STUDY MATERIAL.

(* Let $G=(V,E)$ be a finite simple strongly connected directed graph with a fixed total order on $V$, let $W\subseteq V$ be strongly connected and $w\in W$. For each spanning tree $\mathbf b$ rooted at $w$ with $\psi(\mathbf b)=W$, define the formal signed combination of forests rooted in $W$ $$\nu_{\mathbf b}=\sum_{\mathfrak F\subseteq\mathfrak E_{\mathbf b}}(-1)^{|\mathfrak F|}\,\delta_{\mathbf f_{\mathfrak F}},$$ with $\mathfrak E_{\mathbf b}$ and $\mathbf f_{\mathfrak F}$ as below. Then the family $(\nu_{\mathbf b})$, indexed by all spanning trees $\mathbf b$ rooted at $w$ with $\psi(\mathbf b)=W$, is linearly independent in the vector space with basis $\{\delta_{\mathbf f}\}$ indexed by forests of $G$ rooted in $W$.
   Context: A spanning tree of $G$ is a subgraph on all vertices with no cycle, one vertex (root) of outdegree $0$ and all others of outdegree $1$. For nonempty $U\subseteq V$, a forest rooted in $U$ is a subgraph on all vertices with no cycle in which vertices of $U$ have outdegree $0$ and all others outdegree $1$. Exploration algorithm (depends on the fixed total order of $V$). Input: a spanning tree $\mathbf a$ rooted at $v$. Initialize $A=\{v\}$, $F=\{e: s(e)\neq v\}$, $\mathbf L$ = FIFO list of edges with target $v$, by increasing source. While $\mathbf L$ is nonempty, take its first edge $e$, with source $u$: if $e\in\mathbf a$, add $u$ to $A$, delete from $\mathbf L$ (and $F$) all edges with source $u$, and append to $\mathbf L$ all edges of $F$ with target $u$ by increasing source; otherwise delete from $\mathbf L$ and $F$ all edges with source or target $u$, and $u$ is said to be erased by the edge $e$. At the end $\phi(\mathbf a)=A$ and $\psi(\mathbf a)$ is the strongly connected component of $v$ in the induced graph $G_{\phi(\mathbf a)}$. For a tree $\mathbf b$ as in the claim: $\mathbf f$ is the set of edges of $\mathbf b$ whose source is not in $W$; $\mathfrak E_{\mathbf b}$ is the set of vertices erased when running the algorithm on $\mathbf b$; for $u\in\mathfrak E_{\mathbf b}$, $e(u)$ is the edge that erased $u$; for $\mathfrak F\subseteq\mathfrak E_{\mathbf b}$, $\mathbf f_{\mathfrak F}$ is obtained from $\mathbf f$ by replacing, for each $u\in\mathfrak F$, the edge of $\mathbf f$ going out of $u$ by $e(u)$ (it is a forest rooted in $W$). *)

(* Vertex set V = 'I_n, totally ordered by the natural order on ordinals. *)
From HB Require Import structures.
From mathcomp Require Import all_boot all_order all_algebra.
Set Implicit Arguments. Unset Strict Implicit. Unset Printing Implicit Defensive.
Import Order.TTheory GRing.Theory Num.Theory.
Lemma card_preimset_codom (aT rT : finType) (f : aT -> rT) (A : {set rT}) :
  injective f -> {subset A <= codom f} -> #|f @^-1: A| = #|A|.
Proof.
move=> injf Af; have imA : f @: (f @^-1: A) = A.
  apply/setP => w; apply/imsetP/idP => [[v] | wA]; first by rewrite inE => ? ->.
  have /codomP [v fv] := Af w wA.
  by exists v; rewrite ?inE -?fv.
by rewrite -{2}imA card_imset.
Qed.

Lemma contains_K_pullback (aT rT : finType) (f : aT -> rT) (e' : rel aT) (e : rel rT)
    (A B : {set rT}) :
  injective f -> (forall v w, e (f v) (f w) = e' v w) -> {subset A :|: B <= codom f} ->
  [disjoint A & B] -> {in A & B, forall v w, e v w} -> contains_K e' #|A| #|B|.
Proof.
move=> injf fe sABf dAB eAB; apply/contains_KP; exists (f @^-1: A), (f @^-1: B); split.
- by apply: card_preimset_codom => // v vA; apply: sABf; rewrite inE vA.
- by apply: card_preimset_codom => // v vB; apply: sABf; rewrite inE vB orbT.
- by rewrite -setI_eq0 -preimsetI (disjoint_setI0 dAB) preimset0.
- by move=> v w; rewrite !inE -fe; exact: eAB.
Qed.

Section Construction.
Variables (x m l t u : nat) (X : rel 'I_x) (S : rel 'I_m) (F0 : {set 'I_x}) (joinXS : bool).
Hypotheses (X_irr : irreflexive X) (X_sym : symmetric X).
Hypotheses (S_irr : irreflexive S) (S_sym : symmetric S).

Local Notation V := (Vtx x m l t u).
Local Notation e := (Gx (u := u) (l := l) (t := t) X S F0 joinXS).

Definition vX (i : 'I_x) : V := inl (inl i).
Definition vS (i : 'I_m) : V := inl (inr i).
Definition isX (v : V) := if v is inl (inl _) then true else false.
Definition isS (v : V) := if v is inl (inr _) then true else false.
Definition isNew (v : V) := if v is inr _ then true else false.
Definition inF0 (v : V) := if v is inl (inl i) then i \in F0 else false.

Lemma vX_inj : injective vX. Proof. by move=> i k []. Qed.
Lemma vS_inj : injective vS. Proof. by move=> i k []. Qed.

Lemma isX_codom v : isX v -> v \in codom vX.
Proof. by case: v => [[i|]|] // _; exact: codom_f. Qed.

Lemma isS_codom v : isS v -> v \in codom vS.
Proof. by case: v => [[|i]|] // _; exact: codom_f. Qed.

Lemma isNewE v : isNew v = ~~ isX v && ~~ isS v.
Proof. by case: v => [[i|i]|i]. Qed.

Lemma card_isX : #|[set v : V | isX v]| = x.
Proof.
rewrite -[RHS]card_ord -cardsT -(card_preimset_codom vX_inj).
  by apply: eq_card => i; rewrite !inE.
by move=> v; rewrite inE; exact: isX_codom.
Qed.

TASK BRIEF.
In the records above, some lines hold the word "joinXS"; copy each such line.

TASK RESULT.
Variables (x m l t u : nat) (X : rel 'I_x) (S : rel 'I_m) (F0 : {set 'I_x}) (joinXS : bool).
Local Notation e := (Gx (u := u) (l := l) (t := t) X S F0 joinXS).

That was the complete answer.